We fitted a snow depth–SWE function to computed SWE values from SnowMicroPen force signals and applied the model to snow depths from Magnaprobes for the northern and southern transect loops of MOSAiC, for the winter and spring periods between October 2019 and May 2020. We show that the SWE reconstructions compared well against direct SWE measurements. Besides transect paths, other snow depth sources, such as snow height differences from terrestrial laser scans, could be used with this function to compute SWE.

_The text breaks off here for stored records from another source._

(* The sequent calculi $G(\mathbf{K4}_h)$, $G(\mathbf{KD4}_h)$ and $G(\mathbf{S4}_h)$ have the cut elimination property: every sequent provable in one of these systems has a proof in the same system that does not use the cut rule.
   Context: The language $\mathcal{L}_\infty$ consists of modal formulas built from propositional atoms, $\bot,\top$, the connectives $\neg,\wedge,\vee,\rightarrow$ and infinitely many unary modalities $\Box_n$ ($n\in\mathbb{N}$), with the restriction that $\Box_n A$ is a formula only if $n$ is strictly greater than the index of every box occurring in $A$. All formulas are in $\mathcal{L}_\infty$. Sequent calculi: sequents $\Gamma\Rightarrow\Delta$ with finite multisets. All three systems contain the axioms $A\Rightarrow A$ and $\bot\Rightarrow$, the structural rules of left/right weakening, left/right contraction and cut (from $\Gamma_0\Rightarrow\Delta_0,A$ and $\Gamma_1,A\Rightarrow\Delta_1$ infer $\Gamma_0,\Gamma_1\Rightarrow\Delta_0,\Delta_1$), and the usual classical (LK-style) left and right rules for $\wedge,\vee,\rightarrow,\neg$. Modal rules (in each, the side condition is $n_i<n$ for all $i\in I$): $\Box_{4_h}R$: from $\{\sigma_r\}_{r\in R},\{\gamma_i,\Box_{n_i}\gamma_i\}_{i\in I}\Rightarrow A$ infer $\{\Box_n\sigma_r\}_{r\in R},\{\Box_{n_i}\gamma_i\}_{i\in I}\Rightarrow\Box_nA$; $\Box_{D_h}R$: from $\{\sigma_r\}_{r\in R},\{\gamma_i,\Box_{n_i}\gamma_i\}_{i\in I}\Rightarrow$ infer $\{\Box_n\sigma_r\}_{r\in R},\{\Box_{n_i}\gamma_i\}_{i\in I}\Rightarrow$; $\Box_{S_h}R$: from $\{\sigma_r\}_{r\in R},\{\Box_{n_i}\gamma_i\}_{i\in I}\Rightarrow A$ infer $\{\Box_n\sigma_r\}_{r\in R},\{\Box_{n_i}\gamma_i\}_{i\in I}\Rightarrow\Box_nA$; $\Box_hL$: from $\Gamma,A\Rightarrow\Delta$ infer $\Gamma,\Box_nA\Rightarrow\Delta$. $G(\mathbf{K4}_h)$ = axioms + structural + propositional rules + $\Box_{4_h}R$; $G(\mathbf{KD4}_h)$ = $G(\mathbf{K4}_h)$ + $\Box_{D_h}R$; $G(\mathbf{S4}_h)$ = axioms + structural + propositional rules + $\Box_{S_h}R$ + $\Box_hL$. *)

From Stdlib Require Import List Permutation Arith.
Import ListNotations.

Inductive form : Type :=
| Atom : nat -> form
| Bot : form
| Top : form
| Neg : form -> form
| And : form -> form -> form
| Or  : form -> form -> form
| Imp : form -> form -> form
| Box : nat -> form -> form.

Fixpoint boxes_lt (n : nat) (A : form) : Prop :=
  match A with
  | Atom _ | Bot | Top => True
  | Neg B => boxes_lt n B
  | And B C | Or B C | Imp B C => boxes_lt n B /\ boxes_lt n C
  | Box m B => m < n /\ boxes_lt n B
  end.

(** Membership in L_infty: [Box n A] is a formula only if [A] is one and
    [n] exceeds the index of every box occurring in [A]. *)
Fixpoint wf (A : form) : Prop :=
  match A with
  | Atom _ | Bot | Top => True
  | Neg B => wf B
  | And B C | Or B C | Imp B C => wf B /\ wf C
  | Box n B => wf B /\ boxes_lt n B
  end.

(** Sequents: pairs of finite multisets, represented as lists taken up to
    permutation (see rule [r_perm]). *)
Definition sequent : Type := (list form * list form)%type.

Definition wf_seq (s : sequent) : Prop :=
  Forall wf (fst s) /\ Forall wf (snd s).

Inductive system : Type := K4h | KD4h | S4h.

Definition has_4 (S : system) : bool :=
  match S with K4h | KD4h => true | S4h => false end.
Definition has_D (S : system) : bool :=
  match S with KD4h => true | _ => false end.
Definition has_S (S : system) : bool :=
  match S with S4h => true | _ => false end.

Definition boxed (gs : list (nat * form)) : list form :=
  map (fun p => Box (fst p) (snd p)) gs.
Definition unboxed_and_boxed (gs : list (nat * form)) : list form :=
  flat_map (fun p => [snd p; Box (fst p) (snd p)]) gs.
Definition idx_below (n : nat) (gs : list (nat * form)) : Prop :=
  Forall (fun p => fst p < n) gs.

Inductive Rule (S : system) (c : bool) : list sequent -> sequent -> Prop :=
| r_perm G D G' D' :
    Permutation G G' -> Permutation D D' ->
    Rule S c [(G, D)] (G', D')
| r_id A : Rule S c [] ([A], [A])
| r_bot : Rule S c [] ([Bot], [])
| r_wL G D A : Rule S c [(G, D)] (A :: G, D)
| r_wR G D A : Rule S c [(G, D)] (G, D ++ [A])
| r_cL G D A : Rule S c [(A :: A :: G, D)] (A :: G, D)
| r_cR G D A : Rule S c [(G, D ++ [A; A])] (G, D ++ [A])
| r_cut G0 D0 G1 D1 A :
    c = true ->
    Rule S c [(G0, D0 ++ [A]); (A :: G1, D1)] (G0 ++ G1, D0 ++ D1)
| r_andL1 G D A B : Rule S c [(A :: G, D)] (And A B :: G, D)
| r_andL2 G D A B : Rule S c [(B :: G, D)] (And A B :: G, D)
| r_andR G D A B :
    Rule S c [(G, D ++ [A]); (G, D ++ [B])] (G, D ++ [And A B])
| r_orL G D A B :
    Rule S c [(A :: G, D); (B :: G, D)] (Or A B :: G, D)
| r_orR1 G D A B : Rule S c [(G, D ++ [A])] (G, D ++ [Or A B])
| r_orR2 G D A B : Rule S c [(G, D ++ [B])] (G, D ++ [Or A B])
| r_impL G0 D0 G1 D1 A B :
    Rule S c [(G0, D0 ++ [A]); (B :: G1, D1)] (Imp A B :: G0 ++ G1, D0 ++ D1)
| r_impR G D A B : Rule S c [(A :: G, D ++ [B])] (G, D ++ [Imp A B])
| r_negL G D A : Rule S c [(G, D ++ [A])] (Neg A :: G, D)
| r_negR G D A : Rule S c [(A :: G, D)] (G, D ++ [Neg A])
| r_box4R n (sig : list form) (gs : list (nat * form)) A :
    has_4 S = true -> idx_below n gs ->
    Rule S c [(sig ++ unboxed_and_boxed gs, [A])]
             (map (Box n) sig ++ boxed gs, [Box n A])
| r_boxDR n (sig : list form) (gs : list (nat * form)) :
    has_D S = true -> idx_below n gs ->
    Rule S c [(sig ++ unboxed_and_boxed gs, [])]
             (map (Box n) sig ++ boxed gs, [])
| r_boxSR n (sig : list form) (gs : list (nat * form)) A :
    has_S S = true -> idx_below n gs ->
    Rule S c [(sig ++ boxed gs, [A])]
             (map (Box n) sig ++ boxed gs, [Box n A])
| r_boxL n G D A :
    has_S S = true ->
    Rule S c [(A :: G, D)] (Box n A :: G, D).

One particular finding of our work is that SWE differences between snow on deformed SYI and snow on remnant SYI and FYI decrease until the end of the snow accumulation season at the beginning of May. The SWE on remnant SYI and FYI, while starting out at only about 50 % in late October 2019, reached almost 90 % of the value for snow on deformed SYI by the end of April. Since SWE also did not increase much after 20 February, the observations raise the question as to whether there is a saturation point for snow mass accumulation. We suggest a range of 34 mm (47 %) to 69 mm (68 %) of precipitation that has been eroded over time, with the PWD22PS as a lower limit and the KAZR as an upper limit of cumulative snowfall. There was a remarkable snow erosion event between 24 and 25 February 2020, which we decided to have a closer look into as snow cover SWE decreased during this time. The fate of the eroded snow is unclear, but it is likely that a significant amount was deposited around higher ridges or filled in the gaps of frozen leads, limiting its transport to the areas covered by the transects. However, as transects were conducted approximately weekly, processes in the snow that have occurred in the meantime are not detected. More snow erosion accompanies the temporal adjustment of the surface roughness between remnant SYI and deformed SYI. Besides temporal sampling frequency of the transect, another limitation of the study is that layering of the snowpack was not considered for estimating deposited and eroded snow mass. However, validation measurements at different points in time suggest that the impact of this effect might be small. A thorough investigation of layer density is recommended. Further research, connecting snow microstructure with snow transport rates, for instance, investigating sintering and bond strengths of snow grains that depend on temperature, could help to elucidate high Arctic snow processes. This is also important as the eroded snow has influenced several sensors' measurements.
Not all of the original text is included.